RIYADH: Saudi Arabia’s mining sector has shown sustained growth, with the number of mining licenses increasing from 1,985 in 2016 to 2,401 by the end of 2024, representing cumulative growth of 21 percent, according to the 2024 mineral wealth statistics from the General Authority for Statistics.

The data highlights a steady upward trend in recent years. Licenses rose to 2,100 in 2021, marking a 6 percent increase from the previous year. 

The upward trajectory continued with 2,272 licenses in 2022, 2,365 in 2023, and 2,401 in 2024, reflecting expanding exploration and investment activity across the Kingdom’s mining sector. Building material quarries accounted for the largest share of mining permits, climbing from 1,267 licenses in 2021 to 1,481 by 2024. 

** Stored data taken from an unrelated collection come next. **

(* Let $q$ be a non-negative integer and $\Lambda$ a unital commutative ring which is $q$-torsion-free. Let $\mathfrak g$ be a Lie algebra over $\Lambda$ with free presentation $0\to\mathfrak r\to\mathfrak f\xrightarrow{\partial}\mathfrak g\to0$, let $\mathfrak c=\mathfrak f/(\mathfrak r\#_q\mathfrak f)$ and $\bar\partial\colon\mathfrak c\to\mathfrak g$ the map induced by $\partial$. Then for $c\in\mathfrak c$, $c\in Z(\mathfrak c)$ if and only if $\bar\partial(c)\in Z^{\curlywedge}_q(\mathfrak g)$.
   Context: All Lie algebras are over $\Lambda$; $Z(\mathfrak c)$ is the center of $\mathfrak c$. $\mathfrak r\#_q\mathfrak f$ is the $\Lambda$-submodule (an ideal) of $\mathfrak f$ generated by all $[r,f]$ and $qr'$ with $r,r'\in\mathfrak r$, $f\in\mathfrak f$. For $q\ge1$, the non-abelian $q$-exterior square $\mathfrak g\wedge^q\mathfrak g$ is the Lie algebra generated by symbols $h\wedge g$ and $\{h\}$ ($h,g\in\mathfrak g$) subject to, for all $h,h',g,g'\in\mathfrak g$, $\lambda,\lambda'\in\Lambda$: (1) $\lambda(h\wedge g)=\lambda h\wedge g=h\wedge\lambda g$; (2),(3) additivity in each variable; (4) $[h,h']\wedge g=h\wedge[h',g]-h'\wedge[h,g]$; (5) $h\wedge[g,g']=[g',h]\wedge g-[g,h]\wedge g'$; (6) $[h\wedge g,h'\wedge g']=[h,g]\wedge[h',g']$; (7) $[\{h'\},h\wedge g]=[qh',h]\wedge g+h\wedge[qh',g]$; (8) $\{\lambda h+\lambda'h'\}=\lambda\{h\}+\lambda'\{h'\}$; (9) $[\{h\},\{h'\}]=qh\wedge qh'$; (10) $\{[h,g]\}=q(h\wedge g)$; (11) $h\wedge h=0$. For $q=0$, generated by the $h\wedge g$ subject to (1)–(6) and (11). The $q$-exterior center in the sense of Ellis is $Z^{\curlywedge}_q(\mathfrak g)=\{g\in\mathfrak g\mid g\wedge x=0 \text{ in }\mathfrak g\wedge^q\mathfrak g\text{ for all }x\in\mathfrak g\}$. *)

From HB Require Import structures.
From mathcomp Require Import all_boot all_order all_algebra.
Set Implicit Arguments. Unset Strict Implicit. Unset Printing Implicit Defensive.
Import GRing.Theory.
Local Open Scope ring_scope.

Definition lie_axioms (R : pzRingType) (V : lmodType R) (br : V -> V -> V) : Prop :=
  [/\ (forall (a : R) (x y z : V), br (a *: x + y) z = a *: br x z + br y z),
      (forall (a : R) (x y z : V), br z (a *: x + y) = a *: br z x + br z y),
      (forall x : V, br x x = 0) &
      (forall x y z : V, br x (br y z) + br y (br z x) + br z (br x y) = 0)].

Exploration licenses also recorded consistent growth, supporting the Kingdom’s broader push to develop its mineral resources. 

Other categories of mining activity saw significant expansion, including 2,554 exploration licenses, 744 exploitation licenses, 151 reconnaissance licenses, and 83 surplus mineral ore licenses issued during the same period.

The growth in the Kingdom’s mining sector licenses aligns closely with Saudi Arabia’s Vision 2030 objectives, launched in 2016, which aim to diversify national income sources and strengthen non-oil sectors.